Our body's resistance to excessive energy is, to us, often scary and unsettling. Our toleration for joy and happiness is limited and needs gradual increasing—a gradient approach. (I refer to this as "raising one's energy thermostat.") But when we do address it, we can change the way we think and feel so quickly that even one session of consciously directed breathing can be equal to years of formal psychotherapy. This is another reason why psychotherapists are fast learning how to use the breath as a tool for transformation. The Breathing Exercise # 2 (a.k.a., Tibetan Caffeine) is a dependable way to increase one's energy without it causing problems with energy overload.

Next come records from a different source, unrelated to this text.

(* t ~REL s : equal interpretation in every structure (non-empty universe). *)
Definition rel_equiv (V : Type) (t s : term V) : Prop :=
  forall (M : Type) (m0 : M) (I : V -> M -> M -> Prop) (x y : M),
    sem I t x y <-> sem I s x y.

Fixpoint vo (V : Type) (t : term V) : nat :=
  match t with
  | tvar _ => 1
  | tbot | ttop | tid | tdiff => 0
  | tcup s u | tcap s u | tdot s u | tdag s u => vo s + vo u
  | tcomp s | tperm _ s => vo s
  end.

Fixpoint dd_free (V : Type) (t : term V) : bool :=
  match t with
  | tvar _ | tbot | ttop | tid | tdiff => true
  | tcup s u | tcap s u => dd_free s && dd_free u
  | tcomp s | tperm _ s => dd_free s
  | tdot _ _ | tdag _ _ => false
  end.

Inductive Sigma (V : Type) : nat -> term V -> Prop :=
| Sig0 : forall t, dd_free t -> Sigma 0 t
| SigS_Sig : forall n t, Sigma n t -> Sigma n.+1 t
| SigS_Pi : forall n t, Pi n t -> Sigma n.+1 t
| Sig_cup : forall n s u, 1 <= n -> Sigma n s -> Sigma n u -> Sigma n (tcup s u)
| Sig_cap : forall n s u, 1 <= n -> Sigma n s -> Sigma n u -> Sigma n (tcap s u)
| Sig_dot : forall n s u, 1 <= n -> Sigma n s -> Sigma n u -> Sigma n (tdot s u)
| Sig_perm : forall n pi s, 1 <= n -> Sigma n s -> Sigma n (tperm pi s)
| Sig_dotPi : forall n s u, 1 <= n -> Pi n s -> Pi n u -> Sigma n.+1 (tdot s u)
with Pi (V : Type) : nat -> term V -> Prop :=
| Pi0 : forall t, dd_free t -> Pi 0 t
| PiS_Sig : forall n t, Sigma n t -> Pi n.+1 t
| PiS_Pi : forall n t, Pi n t -> Pi n.+1 t
| Pi_cup : forall n s u, 1 <= n -> Pi n s -> Pi n u -> Pi n (tcup s u)
| Pi_cap : forall n s u, 1 <= n -> Pi n s -> Pi n u -> Pi n (tcap s u)
| Pi_dag : forall n s u, 1 <= n -> Pi n s -> Pi n u -> Pi n (tdag s u)
| Pi_perm : forall n pi s, 1 <= n -> Pi n s -> Pi n (tperm pi s)
| Pi_dagSig : forall n s u, 1 <= n -> Sigma n s -> Sigma n u -> Pi n.+1 (tdag s u).

Definition finite_quotient (V : Type) (S : term V -> Prop) : Prop :=
  exists (k : nat) (f : nat -> term V),
    forall t, S t -> exists i, i < k /\ rel_equiv t (f i).

From mathcomp Require Import all_boot.
From Stdlib Require Import Classical FunctionalExtensionality PropExtensionality.
From Stdlib Require List.
Set Implicit Arguments. Unset Strict Implicit. Unset Printing Implicit Defensive.

(* On structures of one size class (one element, two elements, at least three
   elements) a variable-free term denotes the relation that is a fixed truth
   value e on I and a fixed truth value d on D, so it can be replaced by one of
   bot, top, I, D.  On such a class, a Sigma_{n+1} term with at most one
   variable occurrence is therefore a Sigma_1 term with at most one variable
   occurrence, into which a Sigma_n or Pi_n term with at most one variable
   occurrence is substituted.  Pi_n terms are complements of Sigma_n terms, so
   by induction finitely many Sigma_1 classes give finitely many Sigma_n
   classes on each size class; the three finite quotients then combine into
   one valid on all structures. *)

Lemma rel_ext (M : Type) (R S : M -> M -> Prop) :
  (forall x y, R x y <-> S x y) -> R = S.
Proof.
move=> RS; apply: functional_extensionality => x.
apply: functional_extensionality => y; exact: propositional_extensionality.
Qed.

Section Syntax.
Variable V : Type.
Implicit Types (s t u C : term V).

Fixpoint subst s t : term V :=
  match t with
  | tvar _ => s
  | tbot => tbot | ttop => ttop | tid => tid | tdiff => tdiff
  | tcup a b => tcup (subst s a) (subst s b)
  | tcap a b => tcap (subst s a) (subst s b)
  | tcomp a => tcomp (subst s a)
  | tdot a b => tdot (subst s a) (subst s b)
  | tdag a b => tdag (subst s a) (subst s b)
  | tperm pi a => tperm pi (subst s a)
  end.

Lemma sem_subst M (I : V -> M -> M -> Prop) s t :
  sem I (subst s t) = sem (fun _ => sem I s) t.
Proof. by elim: t => //= [a -> b ->|a -> b ->|a ->|a -> b ->|a -> b ->|pi a ->]. Qed.

Lemma subst_closed s t : vo t = 0 -> subst s t = t.
Proof.
elim: t => //= [a IHa b IHb|a IHa b IHb|a IHa|a IHa b IHb|a IHa b IHb|pi a IHa];
  by [move=> /eqP; rewrite addn_eq0 => /andP[/eqP/IHa-> /eqP/IHb->] | move=> /IHa->].
Qed.

Fixpoint dual t : term V :=
  match t with
  | tvar a => tcomp (tvar a) | tbot => ttop | ttop => tbot
  | tcup a b => tcap (dual a) (dual b) | tcap a b => tcup (dual a) (dual b)
  | tcomp a => a | tid => tdiff | tdiff => tid
  | tdot a b => tdag (dual a) (dual b) | tdag a b => tdot (dual a) (dual b)
  | tperm pi a => tperm pi (dual a)
  end.

Lemma sem_dual M (I : V -> M -> M -> Prop) t x y :
  sem I (dual t) x y <-> ~ sem I t x y.
Proof.
elim: t x y => /= [v|||a IHa b IHb|a IHa b IHb|a IHa|||a IHa b IHb|a IHa b IHb|pi a IHa]
  x y; rewrite ?IHa ?IHb; try tauto.
- setoid_rewrite IHa; setoid_rewrite IHb.
  split=> [h [z [az bz]] | h z]; first by case: (h z).
  by apply: not_and_or => hz; apply: h; exists z.
- setoid_rewrite IHa; setoid_rewrite IHb.
  by split=> [[z [az bz]] /(_ z) [] | /not_all_ex_not [z /not_or_and]]; last exists z.
Qed.

Lemma vo_dual t : vo (dual t) = vo t.
Proof. by elim: t => //= *; congruence. Qed.

Lemma dd_free_dual t : dd_free t -> dd_free (dual t).
Proof. by elim: t => //= [a IHa b IHb|a IHa b IHb] /andP[/IHa-> /IHb->]. Qed.

Scheme Sigma_mut := Induction for Sigma Sort Prop
  with Pi_mut := Induction for Pi Sort Prop.
Combined Scheme Sigma_Pi_mut from Sigma_mut, Pi_mut.

Lemma Sigma_Pi_dual :
  (forall n t, Sigma n t -> Pi n (dual t)) /\ (forall n t, Pi n t -> Sigma n (dual t)).
Proof.
apply: Sigma_Pi_mut => /= *;
  by [ constructor; exact: dd_free_dual | constructor | exact: PiS_Pi | exact: SigS_Sig
     | exact: Pi_cap | exact: Pi_cup | exact: Sig_cap | exact: Sig_cup].
Qed.

Lemma Sigma1_dd_free t : dd_free t -> Sigma 1 t.
Proof. by move=> h; apply/SigS_Sig/Sig0. Qed.

End Syntax.

Section FiniteQuotients.
Variable V : Type.
Implicit Types (s t u C : term V) (P Q : Type -> Prop) (S : term V -> Prop).

Definition rel_equiv_on P t u :=
  forall M (m0 : M) (I : V -> M -> M -> Prop), P M -> sem I t = sem I u.

Definition finite_quotient_on P S :=
  exists l : seq (term V), forall t, S t -> exists2 u, List.In u l & rel_equiv_on P t u.

Lemma finite_quotientE S : finite_quotient S <-> finite_quotient_on (fun _ => True) S.
Proof.
split=> [[k [f fP]] | [l lP]].
  exists (List.map f (List.seq 0 k)) => t /fP [i [lt_ik ti]].
    exists (f i); first by apply/List.in_map/List.in_seq; split; [exact/leP | exact/ltP].
  by move=> M m0 I _; apply: rel_ext; exact: ti.
exists (length l), (fun i => List.nth i l tbot) => t /lP [u /(List.In_nth _ _ tbot)].
move=> [i [lt_il <-]] tu; exists i; split; first exact/ltP.
by move=> M m0 I x y; rewrite (tu M m0 I).
Qed.

Lemma finite_quotient_on_mono P Q S S' :
  (forall M, Q M -> P M) -> (forall t, S' t -> S t) ->
  finite_quotient_on P S -> finite_quotient_on Q S'.
Proof.
move=> QP S'S [l lP]; exists l => t /S'S /lP [u lu tu].
by exists u => // M m0 I /QP; exact: tu.
Qed.

Lemma finite_quotient_onU P S1 S2 :
  finite_quotient_on P S1 -> finite_quotient_on P S2 ->
  finite_quotient_on P (fun t => S1 t \/ S2 t).
Proof.
move=> [l1 l1P] [l2 l2P]; exists (List.app l1 l2) => t [/l1P|/l2P] [u lu tu];
  exists u => //; apply: List.in_or_app; by [left|right].
Qed.

Lemma finite_choice (A B : Type) (R : A -> B -> Prop) (L : seq A) :
  exists l : seq B, forall a, List.In a L -> (exists b, R a b) ->
    exists2 b, List.In b l & R a b.
Proof.
elim: L => [|a L [l lP]]; first by exists nil.
have [[b ab]|no_b] := classic (exists b, R a b).
  exists (b :: l) => a' [<- _|La' /(lP _ La') [b' lb' ab']]; first by exists b; [left|].
  by exists b' => //; right.
by exists l => a' [<- /no_b|La'] //; exact: lP.
Qed.

(* A representative is chosen for each pair of representatives on the two
   classes. *)
Lemma finite_quotient_on_classU P Q S :
  finite_quotient_on P S -> finite_quotient_on Q S ->
  finite_quotient_on (fun M => P M \/ Q M) S.
Proof.
move=> [l1 l1P] [l2 l2P].
pose R (p : term V * term V) t := [/\ S t, rel_equiv_on P t p.1 & rel_equiv_on Q t p.2].
have [l lP] := finite_choice R (List.list_prod l1 l2).
exists l => t St; have [u1 lu1 tu1] := l1P t St; have [u2 lu2 tu2] := l2P t St.
have [t' lt' [_ t'u1 t'u2]] : exists2 t', List.In t' l & R (u1, u2) t'.
  by apply: lP; [exact: List.in_prod | exists t].
exists t' => // M m0 I [PM|QM].
  by rewrite (tu1 M m0 I PM) (t'u1 M m0 I PM).
by rewrite (tu2 M m0 I QM) (t'u2 M m0 I QM).
Qed.

Lemma finite_quotient_on_subst P SC SA S :
  finite_quotient_on P SC -> finite_quotient_on P SA ->
  (forall t, S t -> exists C s, [/\ SC C, SA s & rel_equiv_on P t (subst s C)]) ->
  finite_quotient_on P S.
Proof.
move=> [lC lCP] [lA lAP] Sdec.
exists (List.flat_map (fun uC => List.map (fun us => subst us uC) lA) lC) => t.
move=> /Sdec [C [s [/lCP [uC luC CuC] /lAP [us lus sus] tCs]]].
exists (subst us uC).
  by apply/List.in_flat_map; exists uC; split; last exact: List.in_map.
move=> M m0 I PM; rewrite (tCs M m0 I PM) !sem_subst (sus M m0 I PM).
exact: CuC.
Qed.

Lemma finite_quotient_on_Pi P n :
  finite_quotient_on P (fun t => Sigma n t /\ vo t <= 1) ->
  finite_quotient_on P (fun t => Pi n t /\ vo t <= 1).
Proof.
move=> [l lP]; exists (List.map (@tcomp V) l) => t [Pit vot].
have [|u lu tu] := lP (dual t).
  by rewrite vo_dual; split=> //; exact: (proj2 (Sigma_Pi_dual V)).
exists (tcomp u); first exact: List.in_map.
move=> M m0 I PM; apply: rel_ext => x y /=.
by rewrite -(tu M m0 I PM) sem_dual; split=> [? []|/NNPP].
Qed.

End FiniteQuotients.

Definition rel_ID (M : Type) (e d : Prop) (x y : M) : Prop :=
  (x = y /\ e) \/ (x <> y /\ d).

Lemma rel_IDP (M : Type) (R : M -> M -> Prop) (e d : Prop) :
  (forall x, R x x <-> e) -> (forall x y, x <> y -> R x y <-> d) -> R = rel_ID e d.
Proof.
move=> Rdiag Roff; apply: rel_ext => x y; rewrite /rel_ID.
by case: (classic (x = y)) => [<-|nxy]; [rewrite Rdiag | rewrite Roff]; tauto.
Qed.

Lemma rel_ID_diag (M : Type) (e d : Prop) (x : M) : rel_ID e d x x <-> e.
Proof. by rewrite /rel_ID; split=> [[[]|[]]|] //; left. Qed.

Lemma rel_ID_off (M : Type) (e d : Prop) (x y : M) : x <> y -> rel_ID e d x y <-> d.
Proof. by rewrite /rel_ID => nxy; split=> [[[]|[]]|] //; right. Qed.

Lemma rel_ID_not (M : Type) (e d : Prop) (x y : M) :
  ~ rel_ID e d x y <-> rel_ID (~ e) (~ d) x y.
Proof. by rewrite /rel_ID; case: (classic (x = y)); tauto. Qed.

(* [B2] and [B3] say whether a structure of [P] has at least two, resp. at
   least three, elements. *)
Definition size_profile (P : Type -> Prop) (B2 B3 : Prop) :=
  forall M, P M ->
    (forall x : M, (exists z, z <> x) <-> B2) /\
    (forall x y : M, x <> y -> (exists z, z <> x /\ z <> y) <-> B3).

Section ClosedTerms.
Variables (V : Type) (P : Type -> Prop) (B2 B3 : Prop).
Hypothesis PB : size_profile P B2 B3.

Definition dot_diag (e1 d1 e2 d2 : Prop) := e1 /\ e2 \/ d1 /\ d2 /\ B2.
Definition dot_off (e1 d1 e2 d2 : Prop) := e1 /\ d2 \/ d1 /\ e2 \/ d1 /\ d2 /\ B3.

Lemma dot_rel_ID (M : Type) (e1 d1 e2 d2 : Prop) : P M ->
  (fun x y : M => exists z, rel_ID e1 d1 x z /\ rel_ID e2 d2 z y) =
  rel_ID (dot_diag e1 d1 e2 d2) (dot_off e1 d1 e2 d2).
Proof.
move=> /PB [hB2 hB3]; apply: rel_ext => x y; rewrite /rel_ID /dot_diag /dot_off; split.
- case=> z [[[<- e1z]|[nxz d1z]] [[<- e2z]|[nzy d2z]]]; try tauto.
  case: (classic (x = y)) => [exy|nxy]; [left|right]; split=> //.
    by right; split=> //; split=> //; apply/(hB2 y); exists z; congruence.
  by right; right; split=> //; split=> //; apply/(hB3 _ _ nxy); exists z; split; congruence.
- case=> [[<- [[e1x e2x]|[d1x [d2x /(hB2 x) [z nzx]]]]]|
          [nxy [[e1x d2x]|[[d1x e2x]|[d1x [d2x /(hB3 _ _ nxy) [z [nzx nzy]]]]]]]].
  + by exists x; tauto.
  + by exists z; split; right; split=> //; congruence.
  + by exists x; tauto.
  + by exists y; tauto.
  + by exists z; split; right; split=> //; congruence.
Qed.

Lemma closed_sem (t : term V) : vo t = 0 ->
  exists e d : Prop, forall M (I : V -> M -> M -> Prop), P M -> sem I t = rel_ID e d.
Proof.
elim: t => //= [||a IHa b IHb|a IHa b IHb|a IHa|||a IHa b IHb|a IHa b IHb|pi a IHa];
  try (move=> /eqP; rewrite addn_eq0 => /andP[/eqP/IHa [e1 [d1 Ha]] /eqP/IHb [e2 [d2 Hb]]]);
  try move=> /IHa [e [d Ha]]; try move=> _.
- by exists False, False => M I _; apply: rel_IDP.
- by exists True, True => M I _; apply: rel_IDP.
- exists (e1 \/ e2), (d1 \/ d2) => M I PM; rewrite Ha // Hb //.
  by apply: rel_IDP => [x|x y nxy]; rewrite ?rel_ID_diag ?(rel_ID_off _ _ nxy).
- exists (e1 /\ e2), (d1 /\ d2) => M I PM; rewrite Ha // Hb //.
  by apply: rel_IDP => [x|x y nxy]; rewrite ?rel_ID_diag ?(rel_ID_off _ _ nxy).
- exists (~ e), (~ d) => M I PM; rewrite Ha //.
  by apply: rel_ext => x y; exact: rel_ID_not.
- by exists True, False => M I _; apply: rel_IDP.
- by exists False, True => M I _; apply: rel_IDP.
- exists (dot_diag e1 d1 e2 d2), (dot_off e1 d1 e2 d2) => M I PM.
  by rewrite Ha // Hb //; exact: dot_rel_ID.
- exists (~ dot_diag (~ e1) (~ d1) (~ e2) (~ d2)), (~ dot_off (~ e1) (~ d1) (~ e2) (~ d2)).
  move=> M I PM; rewrite Ha // Hb //; apply: rel_ext => x y.
  rewrite -rel_ID_not -(dot_rel_ID _ _ _ _ PM); split.
    by move=> h [z [/rel_ID_not az /rel_ID_not bz]]; case: (h z).
  move=> h z; apply: NNPP => nh; apply: h; exists z.
  by split; apply/rel_ID_not => ?; apply: nh; [left|right].
- exists e, (if pi false == pi true then e else d).
  move=> M I PM; rewrite /= Ha //; apply: rel_IDP => [x|x y nxy].
    by case: (pi false); case: (pi true); rewrite rel_ID_diag.
  case: (pi false); case: (pi true) => /=;
    by rewrite ?rel_ID_diag ?(rel_ID_off _ _ nxy) ?(rel_ID_off _ _ (not_eq_sym nxy)).
Qed.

Krishmamurti said, “Meditation is easy, we just complicate it." See here. And it is the same for feeling the way we want to feel. You CAN, in many if not all ways, choose the way you want to be. This takes time and intention. One's "nature" stems from the idea of natural. But one’s “natural” breathing pattern is not necessarily healthy. It can either be distorted or balanced and sequential. With conscious attention to your breathing, the lead horse in your team of horses called your autonomic nervous system, being "who you really are" becomes more aligned with your "healthy" nature. This nature needs the support of healthy breathing lest the lead horse guide the others towards the perils of mountain chasms or the glue factory. A primary secret of self-directed states of mind and being lies in choosing our thoughts and the way we use our breathing.

In the extreme, people with OCD (Obsessive Compulsive Disorder) generally have accompanying disabilities. In fact, 69% of people with OCD also have additional disorders such as anxiety disorders, depression, or tic disorders. Haliburn, J. (2000). Journal of the American Academy of Child and Adolescent Psychiatry, Vol 39 (1), 13-14.

Trust me in this. You CAN be the way you want to be. Never give up hope for that. Never. Think of the way you want to be and gently BREATHE into it, again and again and again. Let the out-breath be a letting go of tension and an expression of that new way of being.

Breath is life. I encourage everyone to study the breath. Try many of our different breathing-development techniques and exercises and see which ones work best for you. But be careful of the ones that may restrict yourbreathing and/or voice. The way you learn that is to develop your breathing and if the later technique of exercise does not feel right then you know not to do it.